What to Do With Data?
Dealing with pandemic data — and indeed any time-series data — requires careful thought. Those tasked with deciding how to present data should align the framing with the communication goal. When trying to encourage the public to take greater precautions, such as wearing masks or avoiding travel, depicting data as a declining flow might be counterproductive.
In order to help people understand delayed causal relationships, such as that between exposure and symptoms, provide the context for the audience by emphasizing the lag with a visual reference. Consider a simple but explicit annotation to show when in the future the end result of some action might plausibly be expected to materialize; only thereafter should the efficacy of interventions warrant evaluation.

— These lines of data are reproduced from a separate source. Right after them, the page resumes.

Lemma twist_coef_vanish g : inSL g -> twist_coef (mxconj g D) = 0.
Proof.
move=> SLg; apply: (functional_vanish_SL genX symX X1 _ _ _ SLg) => [N1 N2|c N|b Fb].
- by rewrite /twist_coef mulmxDr mulmxDl !edge_coefD; ring.
- by rewrite /twist_coef -scalemxAr -scalemxAl !edge_coefZ; ring.
- by rewrite twist_coef_mxconj edge_coef_relation.
Qed.

Lemma twist_coef_witness :
  (2 < n)%N -> exists2 g, inSL g & twist_coef (mxconj g D) != 0.
Proof.
move=> n_gt2; have ua := set_pow_unit genX Fa.
set p := edge_coef (invmx a); set fa := edge_coef a.
have p_neq0 : p != 0 by rewrite /p edge_coef_invmx.
set alpha := phi *m a; set beta := invmx a *m d.
have alpha_d : dot alpha d = fa by rewrite dotA.
have alpha_beta : dot alpha beta = 0 by rewrite dotA mulmxA mulmxV // mul1mx dot_phi_d.
have [w w_neq0 [phi_w alpha_w]] := exists_common_kernel phi alpha n_gt2.
have [theta theta_w] := exists_dotr_neq0 w_neq0.
pose e := beta + w.
have phi_e : dot phi e = p by rewrite dotDr phi_w addr0.
have alpha_e : dot alpha e = 0 by rewrite dotDr alpha_beta alpha_w addr0.
pose psi := (- dot theta e / p) *: phi + ((1 - dot theta d) / fa) *: alpha + theta.
have psi_e : dot psi e = 0.
  by rewrite !dotDl !dotZl phi_e alpha_e; field; apply/andP.
have psi_d : dot psi d = 1.
  by rewrite !dotDl !dotZl dot_phi_d alpha_d; field; apply/andP.
have psi_beta : dot psi beta = - dot theta w.
  have phi_beta : dot phi beta = p by [].
  by rewrite !dotDl !dotZl phi_beta alpha_beta /e dotDr; field; apply/andP.
(* For g = 1 + e psi these conditions make twist_coef (g D g^-1) equal to
   kappa(a) kappa(a^-1)^2 (theta w). *)
exists (1%:M + e *m psi); first exact: add1_outer_inSL.
have coef_ag : edge_coef (a *m (1%:M + e *m psi)) = fa.
  rewrite -[a *m _]mulmx1 edge_coef_add1_outer !mulmx1 mul1mx.
  by rewrite -dotA alpha_e mul0r addr0.
have coef_ga : edge_coef ((1%:M - e *m psi) *m invmx a) = p + p * dot theta w.
  rewrite -[_ *m invmx a]mul1mx mulmxA -mulNmx edge_coef_add1_outer !mul1mx.
  by rewrite dotNr phi_e psi_beta mulrNN.
rewrite twist_coef_mxconj add1_outer_inv // coef_ag coef_ga -mulNmx.
rewrite !edge_coef_add1_outer1 dotNr phi_e psi_d -/p -/fa.
rewrite [X in X != 0](_ : _ = fa * (p * p) * dot theta w); last by ring.
by rewrite !mulf_neq0.
Qed.

End TwistedCoefficient.

Lemma dim_le2 : (n <= 2)%N.
Proof.
rewrite leqNgt; apply/negP => n_gt2.
have [a Fa fa_neq0] := exists_edge_coef_neq0.
have [g SLg] := twist_coef_witness Fa fa_neq0 n_gt2.
by rewrite twist_coef_vanish ?eqxx.
Qed.

End NoOneWayEdge.

End OneWayEdge.

Theorem corollary4p7 :
  exists C : nat,
  forall (K : fieldType) (n : nat), (3 <= n)%N ->
  forall (X : 'M[K]_n -> Prop) (t : 'M[K]_n),
    generates_SL X -> symmetric_set X -> X 1%:M ->
    is_transvection t -> (forall lambda : K, X (tpow t lambda)) ->
    exists Y2 : 'M[K]_n -> Prop,
      [/\ transvection_set Y2, K_closed Y2,
          (forall g, Y1_set X t g -> Y2 g),
          ell_le (Y1_set X t) Y2 (C * n)
        & has_oneway_edge Y2].
Proof.
exists 1%N => K n n_ge3 X _ genX symX X1 [d [phi [d_neq0 phi_neq0 phi_d ->]]] _.
exists (Y2 X d phi); split.
- exact: Y2_transvection_set.
- exact: Y2_K_closed.
- exact: Y1_sub_Y2.
- by exists 3%N; split=> [|h]; [rewrite mul1n | apply: Y2_sub_set_pow3].
- apply: NNPP => no_oneway.
  have := dim_le2 genX symX X1 d_neq0 phi_neq0 phi_d no_oneway.
  by rewrite leqNgt n_ge3.
Qed.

Like with flow and stock, when presenting visualizations one might consider whether to portray data on a linear scale (see “New US COVID-19 Cases in Fall 2020 [Linear Scale]”) or a condensed scale (see “New US COVID-19 Cases in Fall 2020 [Logarithmic Scale]”) to make different patterns stand out. Alternatively, like with time lags, annotations can bring the message into focus for exponential growth. Even on a linear scale, which downplays exponential patterns, a trend line can denote the projected exponential path, which proved to be a reliable forecast in the case of new U.S. cases in November (see “Presenting Exponential Data With Annotations”).
More than a year into this global crisis, we’ve learned the power that data visualizations have in shaping public opinion about the coronavirus. For those with key roles of influence and authority in the pandemic, such as policy makers, businesses, and the media, it’s important to avoid confusability when presenting data and making data-based decisions. On the audience side, people need to be aware of differences in data framing. Remember to make use of toggle buttons and features that may reconfigure the presentation of facts and figures, avoid jumping to premature conclusions from lagged data, and get ahead of exponential growth before the train leaves the station.